(* Let $\mathcal{K}$ be a finite simplicial complex with simplices $\sigma_1,\ldots,\sigma_N$, indexed so that $i<j$ whenever $\sigma_i$ is a proper face of $\sigma_j$. Let $B$ be a triangulated surface and let $f:\mathcal{K}\times B\to\mathbb{R}$ be a piecewise-linear fibered filtration function, with induced simplex indexing $\text{idx}_f$. Let $(v,w)$ be a line segment in $B$ (with endpoints $v,w$) that is not on the boundary of $B$, and let $(\sigma_i,\sigma_j)$ be a pair of distinct simplices of $\mathcal{K}$. 1. If $v$ and $w$ are not the two endpoints of an edge of $B$, let $\Delta$ be the unique triangle of $B$ containing $(v,w)$. Then $(\sigma_i,\sigma_j)$ swaps along $(v,w)$ if and only if $(v,w)$ is detected in $\Delta$ for the pair $(\sigma_i,\sigma_j)$. 2. If $v$ and $w$ are the two endpoints of an edge $e$ of $B$, let $\Delta_1,\Delta_2$ be the two triangles of $B$ adjacent to $e$. Then $(\sigma_i,\sigma_j)$ swaps along $(v,w)$ if and only if $(v,w)$ is detected for the pair $(\sigma_i,\sigma_j)$ in exactly one of $\Delta_1,\Delta_2$.
   Context: A filtration function on a simplicial complex $\mathcal{K}$ is a function $g:\mathcal{K}\to\mathbb{R}$ with $g(\tau)\le g(\sigma)$ whenever $\tau$ is a face of $\sigma$. A piecewise-linear fibered filtration function with base $B$ (a simplicial complex) is a function $f:\mathcal{K}\times B\to\mathbb{R}$ such that $f(\cdot,p)$ is a filtration function for each $p\in B$ and $f(\sigma,\cdot)$ is linear (affine) on each simplex of $B$ for each $\sigma\in\mathcal{K}$. The induced simplex indexing $\text{idx}_f:\mathcal{K}\times B\to\{1,\ldots,N\}$ is the unique function, bijective in the first argument for each $p$, such that $\text{idx}_f(\sigma_a,p)<\text{idx}_f(\sigma_b,p)$ if either $f(\sigma_a,p)<f(\sigma_b,p)$, or $f(\sigma_a,p)=f(\sigma_b,p)$ and $a<b$. Write $I(\sigma,\tau)=\{p\in B: f(\sigma,p)=f(\tau,p)\}$. Two simplices $\sigma,\tau$ have different relative orders at points $p_1,p_2$ if $(\text{idx}_f(\sigma,p_1)-\text{idx}_f(\tau,p_1))(\text{idx}_f(\sigma,p_2)-\text{idx}_f(\tau,p_2))<0$. Swapping: if $I(\sigma_i,\sigma_j)\cap\Delta$ is a line segment $\ell$ cutting a triangle $\Delta$ into two polygons $Q_1,Q_2$, then $(\sigma_i,\sigma_j)$ swaps along $\ell$ if $\sigma_i,\sigma_j$ have different relative orders at every $p_1\in Q_1$, $p_2\in Q_2$. If $e$ is an edge of $B$ with $e\subseteq I(\sigma_i,\sigma_j)$ and adjacent triangles $\Delta_1,\Delta_2$, then $(\sigma_i,\sigma_j)$ swaps along $e$ if $\sigma_i,\sigma_j$ have different relative orders at every $p_1\in\Delta_1\setminus e$, $p_2\in\Delta_2\setminus e$. Detection: for an edge $e$ of $B$ with endpoints $a,b$, a point $v\in e$ is detected along $e$ for the pair $(\sigma,\tau)$ if $\sigma,\tau$ have different relative orders at $a$ and $b$ and $v$ is the (unique) point of $e$ at which the relative order of $\sigma$ and $\tau$ changes, i.e. where $f(\sigma,v)=f(\tau,v)$. A line segment $(v,w)$ is detected in a triangle $\Delta$ for the pair $(\sigma,\tau)$ if $v$ is detected along some edge $e_1$ of $\Delta$ for $(\sigma,\tau)$ and $w$ is detected along some edge $e_2$ of $\Delta$ for $(\sigma,\tau)$. *)

From HB Require Import structures.
From mathcomp Require Import all_boot all_order all_algebra.
Set Implicit Arguments. Unset Strict Implicit. Unset Printing Implicit Defensive.
Import Order.TTheory GRing.Theory Num.Theory.
Local Open Scope ring_scope.

(* Simplices sigma_0, ..., sigma_(N-1) given as nonempty vertex sets;     *)
Definition indexed_complex (U : finType) (N : nat) (sig : 'I_N -> {set U}) :=
  [/\ injective sig,
      (forall i, sig i != set0),
      (forall i (S : {set U}), S != set0 -> S \subset sig i ->
          exists j, sig j = S)
    & (forall i j, sig i \proper sig j -> (i < j)%N)].

(* B is given by its set T of triangles (3-element vertex sets); its     *)
(* simplices are the nonempty subsets of triangles.                      *)
Definition is_vertex (V : finType) (T : {set {set V}}) (x : V) :=
  exists2 D, D \in T & x \in D.

Definition is_edge (V : finType) (T : {set {set V}}) (e : {set V}) :=
  #|e| = 2 /\ exists2 D, D \in T & e \subset D.

Definition link_rel (V : finType) (T : {set {set V}}) (x : V) : rel V :=
  fun y z => [set x; y; z] \in T.

Definition triangulated_surface (V : finType) (T : {set {set V}}) :=
  [/\ (forall D, D \in T -> #|D| = 3),
      (forall e : {set V}, #|e| = 2 -> (#|[set D in T | e \subset D]| <= 2)%N)
    & (* the link of every vertex is connected (hence a path or a cycle) *)
      (forall x y z, is_vertex T x -> y != x -> z != x ->
          is_edge T [set x; y] -> is_edge T [set x; z] ->
          connect (link_rel T x) y z)].

(* ---------- Points of B in barycentric coordinates ---------- *)
Section Pts.
Variables (R : realFieldType) (V : finType).

Definition in_simplex (S : {set V}) (p : V -> R) :=
  [/\ (forall x, 0 <= p x), \sum_(x : V) p x = 1 & (forall x, p x != 0 -> x \in S)].

Definition in_B (T : {set {set V}}) (p : V -> R) :=
  exists2 D, D \in T & in_simplex D p.

Definition vpt (a : V) : V -> R := fun x => (x == a)%:R.

Definition on_seg (v w p : V -> R) :=
  exists t : R, [/\ 0 <= t, t <= 1 & forall x, p x = (1 - t) * v x + t * w x].

(* Signed side of p w.r.t. the line through v and w, inside the triangle *)
(* {a,b,c} (determinant of the barycentric coordinate vectors).          *)
Definition side (a b c : V) (v w p : V -> R) : R :=
  p a * (v b * w c - v c * w b) - p b * (v a * w c - v c * w a)
  + p c * (v a * w b - v b * w a).
End Pts.

Section Filt.
Variables (R : realFieldType) (U V : finType) (N : nat) (sig : 'I_N -> {set U}).
Variable (T : {set {set V}}).
Variable f : 'I_N -> (V -> R) -> R.

Definition pl_fibered_filtration :=
  (forall p, in_B T p -> forall i j, sig i \subset sig j -> f i p <= f j p) /\
  (forall i D, D \in T -> forall p q, in_simplex D p -> in_simplex D q ->
     forall t : R, 0 <= t -> t <= 1 ->
       f i (fun x => (1 - t) * p x + t * q x) = (1 - t) * f i p + t * f i q).

(* induced simplex indexing idx_f (values in 1..N) *)
Definition idx (a : 'I_N) (p : V -> R) : nat :=
  #|[set b : 'I_N | (f b p < f a p) || ((f b p == f a p) && (b < a)%N)]|.+1.

Definition diff_order (i j : 'I_N) (p1 p2 : V -> R) : Prop :=
  (((idx i p1)%:Z - (idx j p1)%:Z) * ((idx i p2)%:Z - (idx j p2)%:Z) < 0)%R.

Definition detected_edge (i j : 'I_N) (a b : V) (v : V -> R) :=
  [/\ diff_order i j (vpt R a) (vpt R b), in_simplex [set a; b] v & f i v = f j v].

Definition detected_tri (i j : 'I_N) (a b c : V) (v w : V -> R) :=
  (detected_edge i j a b v \/ detected_edge i j b c v \/ detected_edge i j a c v) /\
  (detected_edge i j a b w \/ detected_edge i j b c w \/ detected_edge i j a c w).

(* (sigma_i, sigma_j) swaps along the segment (v,w) cutting the triangle *)
(* Delta = {a,b,c} into two polygons Q1 (side > 0) and Q2 (side < 0).    *)
Definition swaps_tri (i j : 'I_N) (a b c : V) (v w : V -> R) :=
  let D := [set a; b; c] in
  [/\ (forall p, in_simplex D p -> (f i p = f j p <-> on_seg v w p)),
      (exists p, in_simplex D p /\ 0 < side a b c v w p),
      (exists p, in_simplex D p /\ side a b c v w p < 0)
    & (forall p1 p2, in_simplex D p1 -> in_simplex D p2 ->
         0 < side a b c v w p1 -> side a b c v w p2 < 0 -> diff_order i j p1 p2)].

(* (sigma_i, sigma_j) swaps along the edge {a,b}, whose adjacent        *)
(* triangles are {a,b,c1} and {a,b,c2}.                                 *)
Definition swaps_edge (i j : 'I_N) (a b c1 c2 : V) :=
  (forall p, in_simplex [set a; b] p -> f i p = f j p) /\
  (forall p1 p2, in_simplex [set a; b; c1] p1 -> ~ in_simplex [set a; b] p1 ->
     in_simplex [set a; b; c2] p2 -> ~ in_simplex [set a; b] p2 ->
     diff_order i j p1 p2).
End Filt.

From HB Require Import structures.
From mathcomp Require Import all_boot all_order all_algebra.
From mathcomp Require Import ring lra.
From Stdlib Require Import FunctionalExtensionality.
Set Implicit Arguments. Unset Strict Implicit. Unset Printing Implicit Defensive.
Import Order.TTheory GRing.Theory Num.Theory.
Local Open Scope ring_scope.

(* For i != j the relative order of sigma_i and sigma_j at p is given by the
   sign of G := f_i - f_j, a zero being resolved by the index order ([below]).
   On a triangle G is affine, hence determined by its values at the vertices.

   Along an edge ab, swapping means that G vanishes on ab while the opposite
   vertices c1 and c2 lie on different sides; detection in the triangle abc
   means that G vanishes at a and b while c is not on the side of the tie, so
   detection in exactly one triangle is the same condition.

   Inside a triangle, swapping along (v,w) and detecting (v,w) both amount to:
   G vanishes, without vanishing identically, at two boundary points v and w
   that are not on a common edge.  Then G takes both signs at the vertices,
   which puts each of v and w on an edge whose endpoints are ordered
   differently; and G is a nonzero multiple of the determinant [side v w],
   whose zero set in the triangle is the segment [v,w].  Conversely a swap
   forces v and w onto the boundary, for otherwise the zero line of G would
   extend beyond the segment inside the triangle. *)

Section Simplices.
Variables (R : realFieldType) (V : finType).
Implicit Types (a b c x y : V) (p q v w : V -> R) (S D : {set V}).

Lemma card_set3_neq a b c : #|[set a; b; c]| = 3%N -> [/\ a != b, b != c & a != c].
Proof.
rewrite -setUA cardsU1 cards2 !inE.
by case: (a == b); case: (b == c); case: (a == c).
Qed.

Lemma set3P a b c x : reflect [\/ x = a, x = b | x = c] (x \in [set a; b; c]).
Proof.
apply: (iffP idP) => [|[]->]; rewrite !inE ?eqxx ?orbT //.
by case/orP=> [/orP[]|] /eqP->; [constructor 1 | constructor 2 | constructor 3].
Qed.

Lemma set3_rot a b c : [set b; c; a] = [set a; b; c].
Proof. by apply/setP => x; rewrite !inE orbC orbA. Qed.

Lemma in_simplex_shrink S D p :
  in_simplex S p -> (forall x, p x != 0 -> x \in D) -> in_simplex D p.
Proof. by case. Qed.

Lemma vpt_id a : vpt R a a = 1.
Proof. by rewrite /vpt eqxx. Qed.

Lemma vpt_neq a x : x != a -> vpt R a x = 0.
Proof. by rewrite /vpt => /negbTE->. Qed.

Lemma in_simplex_vpt S a : in_simplex S (vpt R a) <-> a \in S.
Proof.
have sum1 : \sum_x vpt R a x = 1.
  by rewrite (bigD1 a) //= /vpt eqxx big1 ?addr0 // => x /negbTE ->.
split=> [[_ _ /(_ a)]|aS]; first by rewrite /vpt eqxx oner_eq0; apply.
by split=> // x; rewrite /vpt ?ler0n // pnatr_eq0 eqb0 negbK => /eqP->.
Qed.

Lemma funext3 a b c p q :
  (forall x, x != a -> x != b -> x != c -> p x = q x) ->
  p a = q a -> p b = q b -> p c = q c -> p = q.
Proof.
move=> off ea eb ec; apply: functional_extensionality => x.
have [->|xa] := eqVneq x a; first by [].
have [->|xb] := eqVneq x b; first by [].
by have [->|xc] := eqVneq x c; last exact: off.
Qed.

Definition no_common_edge a b c v w :=
  forall x, x \in [set a; b; c] -> v x = 0 -> w x != 0.

Lemma no_common_edge_rot a b c v w :
  no_common_edge b c a v w = no_common_edge a b c v w.
Proof. by rewrite /no_common_edge set3_rot. Qed.

Definition bary3 a b c p :=
  [/\ 0 <= p a, 0 <= p b, 0 <= p c, p a + p b + p c = 1
    & forall x, x != a -> x != b -> x != c -> p x = 0].

Lemma in_simplex3P a b c : a != b -> b != c -> a != c ->
  forall p, in_simplex [set a; b; c] p <-> bary3 a b c p.
Proof.
move=> ab bc ac p.
have sum3 q : (forall x, x != a -> x != b -> x != c -> q x = 0) ->
    \sum_x q x = q a + q b + q c.
  move=> q0; rewrite (bigD1 a) // (bigD1 b) 1?eq_sym // (bigD1 c) /=; last first.
    by rewrite eq_sym ac eq_sym bc.
  by rewrite big1 ?addr0 ?addrA // => x /andP[/andP[xa xb] xc]; exact: q0.
split=> [[p_ge0 p_sum p_supp]|[pa pb pc p_sum p0]].
  have p0 x : x != a -> x != b -> x != c -> p x = 0.
    move=> xa xb xc; apply/eqP/negPn/negP => /p_supp.
    by rewrite !inE (negbTE xa) (negbTE xb) (negbTE xc).
  by split; rewrite -?sum3.
split; last 1 first.
- move=> x; apply: contraR; rewrite !inE => /norP[/norP[xa xb] xc].
  by rewrite p0.
- move=> x; have [->|xa] := eqVneq x a; first by [].
  have [->|xb] := eqVneq x b; first by [].
  by have [->|xc] := eqVneq x c; last rewrite p0.
- by rewrite sum3.
Qed.

Lemma on_seg_left v w : on_seg v w v.
Proof. by exists 0; split=> // x; rewrite subr0 mul1r mul0r addr0. Qed.

Lemma on_seg_right v w : on_seg v w w.
Proof. by exists 1; split=> // x; rewrite subrr mul0r mul1r add0r. Qed.

Lemma on_segC v w p : on_seg v w p -> on_seg w v p.
Proof.
by case=> t [t0 t1 pE]; exists (1 - t); split=> [||x]; rewrite ?pE; [lra | lra | ring].
Qed.

Lemma in_simplex_edge a b c p : in_simplex [set a; b; c] p -> p c = 0 ->
  in_simplex [set a; b] p.
Proof.
move=> pD pc; apply: (in_simplex_shrink pD) => x px0.
have [xc|/negbTE xc] := eqVneq x c; first by rewrite xc pc eqxx in px0.
by case: pD => _ _ /(_ x px0); rewrite !inE xc orbF.
Qed.

End Simplices.

Section Affine.
Variables (R : realFieldType) (V : finType).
════════
> _PROBLEM DESCRIPTION_: All lines above between those holding "f i (fun x =>" and "Definition diff_order (i", inclusive, must be set down unchanged, and no other line may be included.

> _PROBLEM SOLUTION_:
       f i (fun x => (1 - t) * p x + t * q x) = (1 - t) * f i p + t * f i q).

(* induced simplex indexing idx_f (values in 1..N) *)
Definition idx (a : 'I_N) (p : V -> R) : nat :=
  #|[set b : 'I_N | (f b p < f a p) || ((f b p == f a p) && (b < a)%N)]|.+1.

Definition diff_order (i j : 'I_N) (p1 p2 : V -> R) : Prop :=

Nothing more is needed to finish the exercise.